In an early room of the show, the 1928 cabaret hit “It’s in the Air” plays from hidden speakers while its lyrics, which charmingly observe a change of atmosphere in Germany (“Things were so different back in the day!”), are posted in large print on a nearby wall; there’s something silly, fiery, thorny, and hypnotic going on, you hear. Today, this overwhelming exhibit still begs the question—what was in the air back then? Maybe trauma, debauchery, or nihilism?

Or perhaps a natural evolution, an outgrowth from the interiority of pre-war Expressionism and the collective release of a people liberated from monarchical rule. The eponymous cabaret-hopping protagonist of Erich Kästner’s zippy 1931 novel Fabian: The Story of a Moralist, a crisp first edition of which dutifully pops up in the exhibit, calls the Europe he’s living in—the Europe of the late 1920s— “a great waiting room” for some impending upheaval: “We live provisionally,” he warns. “The crisis goes on without end!”

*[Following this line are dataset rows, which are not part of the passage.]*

Lemma rsum_cnt_telescope_le (x y z : nat -> R) lo L :
  (forall m, (lo <= m < lo + L)%nat -> x m + y m <= x (S m) + z m) ->
  x lo + rsum_cnt y lo L <= x (lo + L)%nat + rsum_cnt z lo L.
Proof.
  induction L as [|L IH]; simpl; intros H.
  - rewrite Nat.add_0_r; lra.
  - assert (IHL := IH (fun m Hm => H m ltac:(lia))).
    assert (Hlast := H (lo + L)%nat ltac:(lia)).
    rewrite Nat.add_succ_r. lra.
Qed.

Lemma rsum_cnt_telescope_bound (x z : nat -> R) lo L :
  (forall m, (lo <= m < lo + L)%nat -> x m <= x (S m) + z m) ->
  x lo <= x (lo + L)%nat + rsum_cnt z lo L.
Proof.
  intros H. assert (Z : rsum_cnt (fun _ => 0) lo L = 0).
  { clear H. induction L as [|L IH]; simpl; [reflexivity|]. rewrite IH; ring. }
  assert (T := rsum_cnt_telescope_le x (fun _ => 0) z lo L).
  rewrite Z, Rplus_0_r in T. apply T. intros m Hm. rewrite Rplus_0_r. now apply H.
Qed.

Lemma rsum_cnt_pigeonhole f lo c : (1 <= c)%nat ->
  exists K, (lo <= K < lo + c)%nat /\ INR c * f K <= rsum_cnt f lo c.
Proof.
  intros Hc. destruct c as [|c]; [lia|]. clear Hc. induction c as [|c IH].
  - exists lo. split; [lia|]. simpl. rewrite Nat.add_0_r. lra.
  - destruct IH as [K [HK HfK]].
    destruct (Rle_dec (INR (S (S c)) * f (lo + S c)%nat) (rsum_cnt f lo (S (S c)))) as [h|h].
    + exists (lo + S c)%nat. split; [lia|exact h].
    + exists K. split; [lia|]. apply Rnot_le_lt in h.
      change (rsum_cnt f lo (S (S c))) with (rsum_cnt f lo (S c) + f (lo + S c)%nat) in *.
      rewrite !S_INR in *. assert (0 <= INR c) by apply pos_INR. nra.
Qed.

Lemma rsum_from_1 f hi : rsum f 1 hi = rsum_cnt f 1 hi.
Proof. unfold rsum. simpl. now rewrite Nat.sub_0_r. Qed.

Lemma rmax_cnt_le f lo L B : 0 <= B -> (forall k, (lo <= k < lo + L)%nat -> f k <= B) ->
  rmax_cnt f lo L <= B.
Proof.
  intros HB. induction L as [|L IH]; simpl; intros H; [lra|].
  apply Rmax_lub; [apply IH; intros|]; apply H; lia.
Qed.

Lemma vnorm2_eq d v : vnorm2 d v = rsum_cnt (fun c => v c ^ 2) 0 d.
Proof. now destruct d. Qed.
Lemma measurable_follows_until f K : measurable (follows_until Y f K).
Proof.
have -> : follows_until Y f K =
    \bigcap_j (Y j @^-1` (if (j < K)%N then [set f j] else setT)).
  apply/seteqP; split => [w Yf j _|w Yf j jK] /=; last by have := Yf j I; rewrite jK.
  by case: ifP => // /Yf.
by apply: bigcapT_measurable => j; exact: measurable_Y_preimage.
Qed.

Lemma measurable_follows f : measurable (follows Y f).
Proof.
by rewrite follows_bigcap; apply: bigcapT_measurable => K; exact: measurable_follows_until.
Qed.

Lemma prob_Y_eq j v : (v <= m)%N ->
  P (Y j @^-1` [set v]) = (letter_odds theta q j v / (1 + heine_rate theta q j))%:E.
Proof.
case: v => [_|v vm]; first by rewrite PY0 letter_odds0.
by rewrite (PYS j (Ordinal vm)) (letter_oddsS theta q j (Ordinal vm)).
Qed.

Lemma prob_follows_until f K : (forall j, (f j <= m)%N) ->
  P (follows_until Y f K) =
  (\prod_(j < K) (letter_odds theta q j (f j) / (1 + heine_rate theta q j)))%:E.
Proof.
move=> f_le; have -> : follows_until Y f K =
    \bigcap_(j in [set` seq_fset tt (iota 0 K)]) (Y j @^-1` [set f j]).
  apply/seteqP; split => [w Yf j jK|w Yf j jK]; last first.
    by apply: Yf; rewrite /mkset seq_fsetE mem_iota add0n jK.
  by apply: Yf; move: jK; rewrite /mkset seq_fsetE mem_iota add0n.
rewrite Y_indep (perm_big _ (seq_fset_perm _ _)) undup_id ?iota_uniq //.
have -> : iota 0 K = index_iota 0 K by rewrite /index_iota subn0.
rewrite big_mkord -prodEFin.
by apply: eq_bigr => j _; exact: prob_Y_eq.
Qed.

Lemma prob_follows f N :
  (forall j, (f j <= m)%N) -> (forall j, (N <= j)%N -> f j = 0%N) ->
  P (follows Y f) = ((\prod_(j < N) letter_odds theta q j (f j)) / heine_Z theta q)%:E.
Proof.
move=> f_le f0.
have follows_cvg : (fun n => P (follows_until Y f (N + n))) @ \oo --> P (follows Y f).
  have -> : follows Y f = \bigcap_n follows_until Y f (N + n).
    apply/seteqP; split => [w Yf n _ j _|w Yf j]; first exact: Yf.
    by apply: (Yf j.+1 I); rewrite addnS ltnS leq_addl.
  apply: (nonincreasing_cvg_mu (F := fun n => follows_until Y f (N + n))).
  - by rewrite (le_lt_trans (probability_le1 _ (measurable_follows_until _ _))) ?ltey.
  - by move=> n; exact: measurable_follows_until.
  - by apply: bigcapT_measurable => n; exact: measurable_follows_until.
  - move=> n n' nn'; apply/subsetPset => w Yf j jK; apply: Yf.
    by rewrite (leq_trans jK) // leq_add2l.
have prob_until n : P (follows_until Y f (N + n)) =
    ((\prod_(j < N) letter_odds theta q j (f j)) *
     (\prod_(j < N + n) (1 + heine_rate theta q j))^-1)%:E.
  rewrite prob_follows_until // big_split /= prodfV; congr ((_ * _)%:E).
  elim: n => [|n IH]; first by rewrite addn0.
  by rewrite addnS big_ord_recr /= IH f0 ?leq_addr // letter_odds0 mulr1.
have until_cvg : (fun n => P (follows_until Y f (N + n))) @ \oo -->
    ((\prod_(j < N) letter_odds theta q j (f j)) / heine_Z theta q)%:E.
  rewrite (funext prob_until); apply: cvg_EFin; first exact: nearW.
  apply: cvgMl_tmp; apply: cvgV; first by rewrite gt_eqF // (lt_le_trans ltr01 heine_Z_ge1).
  have := heine_Z_cvg; rewrite -(cvg_shiftn N).
  by apply: cvg_trans; apply: near_eq_cvg; apply: nearW => n /=; rewrite addnC.
exact: cvg_unique follows_cvg until_cvg.
Qed.

Hypothesis Y_le : forall j w, (Y j w <= m)%N.

Lemma measurable_counts_vanishes (alpha : 'I_m -> nat) N :
  measurable (counts_event (R:=R) Y alpha `&` vanishes_from Y N).
Proof.
rewrite counts_vanishes_bigcup //; apply: fin_bigcup_measurable => [|c _].
- exact: finite_finset.
- exact: measurable_follows.
Qed.

Lemma prob_counts_vanishes_cvg (alpha : 'I_m -> nat) :
  (fun N => P (counts_event (R:=R) Y alpha `&` vanishes_from Y N)) @ \oo -->
  P (counts_event (R:=R) Y alpha).
Proof.
rewrite [X in _ --> P X](counts_event_bigcup _ Y_le).
apply: nondecreasing_cvg_mu.
- exact: measurable_counts_vanishes.
- by apply: bigcupT_measurable => N; exact: measurable_counts_vanishes.
- move=> N N' NN'; apply/subsetPset => w [X_alpha Y0]; split => // j N'j.
  by apply: Y0; exact: leq_trans N'j.
Qed.

Lemma prob_counts_vanishes (alpha : 'I_m -> nat) N :
  P (counts_event (R:=R) Y alpha `&` vanishes_from Y N) =
  ((\prod_(k < m) theta k ^+ alpha k)%:E * (heine_partial_sum q alpha N)%:E *
   (heine_Z theta q)^-1%:E)%E.
Proof.
rewrite counts_vanishes_bigcup // measure_fin_bigcup.
- rewrite -(@bigfs _ _ _ _ (index_enum _)) ?index_enum_uniq //; last first.
    by move=> c _; rewrite mem_index_enum.
  transitivity (\sum_(c : {ffun 'I_N -> 'I_m.+1} | has_counts alpha c)
      ((\prod_(j < N) letter_odds theta q j (padded c j)) / heine_Z theta q)%:E)%E.
    by apply: eq_bigr => c _; exact: prob_follows (padded_le c) (padded_ge c).
  by rewrite sumEFin -mulr_suml sum_prod_letter_odds -!EFinM.
- exact: finite_finset.
- move=> c c' _ _ [w [Yc Yc']]; apply: padded_inj; apply/funext => j.
  by rewrite -Yc -Yc'.
- by move=> c _; exact: measurable_follows.
Qed.
(* Let $N\ge 5$ be odd. Let $G_{N,2}$ be the graph with vertex set $\mathbb Z_N$ in which two distinct vertices $x,y$ are adjacent iff $y-x\not\equiv\pm2\pmod N$, and $G_{N,1}$ the graph with vertex set $\mathbb Z_N$ in which distinct $x,y$ are adjacent iff $y-x\not\equiv\pm1\pmod N$. Put $\Delta=\sqrt{N(N-4)}$, $\rho=\frac{N-2+\Delta}{2}$. For $u,v\in\mathbb Z_N$ let $q\equiv v-u\pmod N$, let $s\equiv 2^{-1}\pmod N$, and define $\delta_2(q)=\min\{sq\bmod N,\;N-(sq\bmod N)\}$. Then the effective resistance $R^{(2)}(u,v)$ between $u$ and $v$ in $G_{N,2}$ equals the effective resistance in $G_{N,1}$ between two vertices at circulant distance $\delta_2(q)$ (e.g. $0$ and $\delta_2(q)$), and explicitly \[ R^{(2)}(u,v)=\frac{2}{\Delta(\rho^N+1)}\left\{\rho^N-1+(-1)^{\delta_2(q)}\left(\rho^{\delta_2(q)}-\rho^{N-\delta_2(q)}\right)\right\}. \]
   Context: Effective resistance is computed with unit conductance on every edge. *)

From HB Require Import structures.
From mathcomp Require Import all_boot all_order all_algebra.
From Stdlib Require Import ClassicalEpsilon.
Set Implicit Arguments. Unset Strict Implicit. Unset Printing Implicit Defensive.
Import Order.TTheory GRing.Theory Num.Theory.
Local Open Scope ring_scope.

Definition zdiff (N : nat) (x y : 'I_N) : nat := ((y + N - x) %% N)%N.

Definition Gadj (N k : nat) : rel 'I_N :=
  fun x y => [&& x != y, zdiff x y != (k %% N)%N & zdiff x y != ((N - k) %% N)%N].

Definition laplacian (R : nzRingType) (n : nat) (adj : rel 'I_n) : 'M[R]_n :=
  \matrix_(i, j) (if i == j then (#|[set k | adj i k]|)%:R
                  else - ((adj i j : nat)%:R)).

(* phi is a potential for unit current injected at u and extracted at v. *)
Definition unit_potential (R : nzRingType) (n : nat) (adj : rel 'I_n)
  (u v : 'I_n) (phi : 'cV[R]_n) : Prop :=
  laplacian R adj *m phi = delta_mx u 0 - delta_mx v 0.

(* Effective resistance = potential difference phi(u) - phi(v) for a unit
   current flow from u to v (well defined on a connected graph). *)
Definition eff_res (R : nzRingType) (n : nat) (adj : rel 'I_n) (u v : 'I_n) : R :=
  let phi := epsilon (inhabits (0 : 'cV[R]_n)) (unit_potential adj u v) in
  phi u 0 - phi v 0.

(* delta_2(q) = min(sq mod N, N - (sq mod N)), s = 2^{-1} mod N = (N+1)/2 for N odd. *)
Definition inv2 (N : nat) : nat := (N.+1)./2.
Definition delta2 (N q : nat) : nat :=
  minn ((inv2 N * q) %% N) (N - (inv2 N * q) %% N).

Definition resDelta (R : rcfType) (N : nat) : R := Num.sqrt ((N * (N - 4))%N%:R).
Definition resRho (R : rcfType) (N : nat) : R := ((N%:R - 2 + resDelta R N) / 2).

Definition res_formula (R : rcfType) (N d : nat) : R :=
  2 / (resDelta R N * (resRho R N ^+ N + 1)) *
  (resRho R N ^+ N - 1 + (-1) ^+ d * (resRho R N ^+ d - resRho R N ^+ (N - d))).

Arguments Gadj : clear implicits.
Arguments eff_res : clear implicits.

(* Fix a step c of Z_N with inverse s, and let Gamma be the graph in which x is
   adjacent to every vertex except x and x +- c.  Its Laplacian acts by
   (L w)(x) = (N-2) w(x) + w(x+c) + w(x-c) - sum w.  If y is a root of
   y^2 + (N-2) y + 1 = 0, the sequence h(j) = y^j + y^(N-j) satisfies
   h(m) + (N-2) h(m+1) + h(m+2) = 0 and h(N-j) = h(j), so a multiple G(z) of
   h(z) solves (N-2) G(z) + G(z+1) + G(z-1) = [z = 0] on Z_N.  Multiplication
   by s turns the steps +-c into +-1, hence G(s(i-a)) - G(s(i-b)) is a
   potential for a unit current from a to b; harmonic functions are
   constant by the maximum principle (Gamma has diameter 2), so the effective
   resistance is 2 (G(0) - G(s(b-a))).  For N odd, y = -rho gives the closed formula, which
   is symmetric under j |-> N - j; with c = 2, s = (N+1)/2 and c = 1, s = 1
   both resistances are the formula evaluated at delta_2(q). *)

From HB Require Import structures.
From mathcomp Require Import all_boot all_order all_algebra.
From mathcomp Require Import ring lra zify.
From Stdlib Require Import ClassicalEpsilon.
Set Implicit Arguments. Unset Strict Implicit. Unset Printing Implicit Defensive.
Import Order.TTheory GRing.Theory Num.Theory.
Local Open Scope ring_scope.

Lemma laplacian_mulmx (R : nzRingType) n (adj : rel 'I_n) (w : 'cV[R]_n) x :
  ~~ adj x x -> (laplacian R adj *m w) x 0 = \sum_y (adj x y)%:R * (w x 0 - w y 0).
Proof.
move=> adj_xx.
have degE : (#|[set k | adj x k]|)%:R = \sum_y (adj x y)%:R :> R.
  rewrite cardsE -sum1_card natr_sum big_mkcond.
  by apply: eq_bigr => y _; rewrite unfold_in; case: (adj x y).
rewrite mxE (bigD1 x) //= [RHS](bigD1 x) //= (negbTE adj_xx) mul0r add0r.
rewrite mxE eqxx degE (bigD1 x) //= (negbTE adj_xx) add0r mulr_suml.
under [RHS]eq_bigr do rewrite mulrBr.
rewrite sumrB -sumrN; congr (_ + _).
by apply: eq_bigr => y /negbTE yx; rewrite mxE eq_sym yx mulNr.
Qed.

Lemma laplacian_harmonic_max (R : realDomainType) n (adj : rel 'I_n) (w : 'cV[R]_n) x y :
  ~~ adj x x -> (laplacian R adj *m w) x 0 = 0 -> (forall z, w z 0 <= w x 0) ->
  adj x y -> w y 0 = w x 0.
Proof.
move=> adj_xx; rewrite laplacian_mulmx // => harm wmax adj_xy.
have /psumr_eq0P/(_ harm y isT) : forall z, true -> 0 <= (adj x z)%:R * (w x 0 - w z 0).
  by move=> z _; rewrite mulr_ge0 ?ler0n ?subr_ge0.
by rewrite adj_xy mul1r => /eqP; rewrite subr_eq0 => /eqP.
Qed.

Lemma eff_resE (R : nzRingType) n (adj : rel 'I_n) (a b : 'I_n) (phi : 'cV[R]_n) :
  (forall w : 'cV[R]_n, laplacian R adj *m w = 0 -> forall x y, w x 0 = w y 0) ->
  unit_potential adj a b phi -> eff_res R n adj a b = phi a 0 - phi b 0.
Proof.
move=> harmonic_const phiP; rewrite /eff_res.
set psi := epsilon _ _.
have psiP : unit_potential adj a b psi by apply: epsilon_spec; exists phi.
have /harmonic_const/(_ a b) : laplacian R adj *m (psi - phi) = 0.
  by rewrite mulmxBr psiP phiP subrr.
rewrite !mxE => /eqP; rewrite subr_eq => /eqP ->.
by rewrite addrAC (addrAC (psi b 0)) subrr add0r addrC.
Qed.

The exhibition ends with Reversals, a new room-sized installation by contemporary photographer Arno Gisinger. He projects archival photos of paintings as they were hung in Hartlaub’s groundbreaking 1925 exhibition, and overlays photos of their placement, 8 years later, in the exact same museum when they appeared in the initial Nazi-organized “exhibitions of shame” against so-called Degenerate Art. Indeed, there can be no offsetting the crises that came before and after the comparatively peaceful 1920s on display at the Pompidou. It’s not exactly for art to offset, but, if it succeeds, to exist beyond the fray of historical reaction, whether its own or others’.

And even as crises seem to arrive in an endless parade today, nearly a hundred years later, anyone hoping for a Roaring Twenties redux to follow the pandemic, bouts of authoritarian incompetence, and now rising global inflation is being willfully flippant toward history. Happily, the curators at the Pompidou do not make such a thematic stretch. Instead the many outlets of artistic expression in the exhibit and the way they resist collective categorization emphasize the subjectivity that protects and elevates great art of any era. Alluring, impenetrable, shocking, and monumental, “Germany / 1920s / New Objectivity / August Sander” hits the same notes as its four-headed, century-old subject.

“Germany / 1920s / New Objectivity / August Sander”

Centre Pompidou
Place Georges-Pompidou
75004 Paris, France

11 May 2022 – 5 September 2022

Jamie Aylward is a writer living in Paris, France.